Печальный Макс подогнал машину, и все с искренним сожалением попрощались с принцем. Когда им теперь удастся свидеться? Этого никто не знал и не мог знать.

Обитателей Ту-Герц отвез Макс — в старой развалюхе лорда Галена; а Катрфаж и Феликс, жившие в городе, получили приглашение прокатиться в экипаже. Ехали в дружелюбном молчании; принц сосредоточенно ковырял в зубах серебряной зубочисткой — весьма элегантной. Он не произнес ни слова о кутеже, пока ставший более звонким стук лошадиных копыт — о каменную мостовую — не подсказал, что его попутчики почти дома.

— Маленький кутеж, о котором я говорил, — сказал он Катрфажу, — будет в конце недели, возможно, когда лорд Гален покинет Францию.

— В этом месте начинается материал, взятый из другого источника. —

Lemma IU_multinomial_le : (IU w nu <= (rate w z)%:E)%E.
Proof.
apply: ge_ereal_sup => _ [v v_gt0 <-]; rewrite lee_fin.
rewrite -/(IUval w nu v) IUvalE // sum_offdiag_half /rate.
apply: ler_wpM2l; first by rewrite invr_ge0 ler0n.
by apply: ler_sum => l _; apply: ler_sum => m lm; exact: jump_flux_pair.
Qed.

End UpperBound.

Lemma reversible_irreducible_gt0 (R : realType) (Sigma : finType)
    (w : Sigma -> Sigma -> R) (gamma : Sigma -> R) :
  irreducible w -> distribution gamma -> reversible w gamma -> forall l, 0 < gamma l.
Proof.
move=> irr [gamma_ge0 gamma_sum1] rev l; rewrite lt_def gamma_ge0 andbT.
apply: contra_eqN gamma_sum1 => /eqP gamma_l0; rewrite big1 ?(eq_sym 0) ?oner_eq0 // => k _.
move: gamma_l0; have /connectP[s path_s ->] := irr k l.
elim: s k path_s => //= j s IHs k /andP[/andP[_ wkj] path_s] /(IHs j path_s) gamma_j0.
by move/eqP: (rev k j); rewrite gamma_j0 mul0r mulf_eq0 (gt_eqF wkj) orbF => /eqP.
Qed.

Lemma Rlin_mean (R : realType) (Sigma : finType) (N : nat) (r z : Sigma -> R)
    (nu : stateS Sigma N -> R) :
  meanS nu = z -> \sum_i nu i * Rlin r (sreal R i) = Rlin r z.
Proof.
move=> <-; rewrite /Rlin /meanS; under eq_bigr do rewrite mulr_sumr.
rewrite exchange_big; apply: eq_bigr => l _; rewrite mulr_sumr.
by apply: eq_bigr => i _; ring.
Qed.

Theorem theorem2 (R : realType) (Sigma : finType) (N : nat)
  (w : Sigma -> Sigma -> R) (gamma : Sigma -> R) (r : Sigma -> R) :
  (1 <= N)%N ->
  generator w -> irreducible w -> distribution gamma -> reversible w gamma ->
  forall z : Sigma -> R,
    (forall l, 0 < z l) -> \sum_l z l = N%:R ->
    let nuz := @multinomial R Sigma N (fun l => z l / N%:R) in
    [/\ Lambda w r N z = (closed_form w r z)%:E,
        objective w r nuz = (closed_form w r z)%:E,
        probS nuz & meanS nuz = z].
Proof.
move=> N_gt0 [w_ge0 _] irr dist rev z z_gt0 z_sum nuz.
have N0 : N%:R != 0 :> R by rewrite pnatr_eq0 -lt0n.
have p_gt0 l : 0 < z l / N%:R by rewrite divr_gt0 ?ltr0n.
have p_sum1 : \sum_l z l / N%:R = 1 by rewrite -mulr_suml z_sum divff.
have Np : (fun l => N%:R * (z l / N%:R)) = z by apply/funext => l; rewrite mulrC divfK.
have mean : meanS nuz = z by rewrite -[in RHS]Np; apply/funext => l; exact: multinomial_mean.
have rate_le := rate_le_IU w_ge0 (reversible_irreducible_gt0 irr dist rev) rev z_gt0.
have objectiveE nu : meanS nu = z -> objective w r nu = ((Rlin r z)%:E - IU w nu)%E.
  by move=> mean_nu; rewrite /objective (Rlin_mean _ mean_nu).
have IU_nuz : IU w nuz = (rate w z)%:E.
  have := IU_multinomial_le N w_ge0 p_gt0 p_sum1; rewrite /= Np => IU_le.
  by apply/le_anti; rewrite rate_le // IU_le.
have obj_nuz : objective w r nuz = (closed_form w r z)%:E.
  by rewrite objectiveE // IU_nuz closed_formE EFinB.
have prob : probS nuz.
  by split=> [i|]; [exact: ltW (multinomial_gt0 _ p_gt0) | exact: multinomial_sum1].
split=> //; apply/le_anti/andP; split; last by apply: ereal_sup_ubound; exists nuz.
apply: ge_ereal_sup => _ [nu [_ mean_nu] <-].
by rewrite objectiveE // closed_formE EFinB leeB // rate_le.
Qed.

Катрфаж спросил, не нужна ли помощь. Нет-нет, все будет организовано на официальном уровне.

— Так гораздо спокойнее. Но надеюсь, вы почтите нас своим присутствием. Думаю, подобное событие запомнится надолго и скрасит ужас предвоенной нестабильности, которая не позволяет нам о чем-либо думать и что-либо планировать. Мне всё время звонят из дворца Абдин, сообщают новые слухи и сплетни, настаивают на скорейшем возвращении. Королевская яхта уже в Марселе — ждет под парами. А я считаю, что они зря паникуют.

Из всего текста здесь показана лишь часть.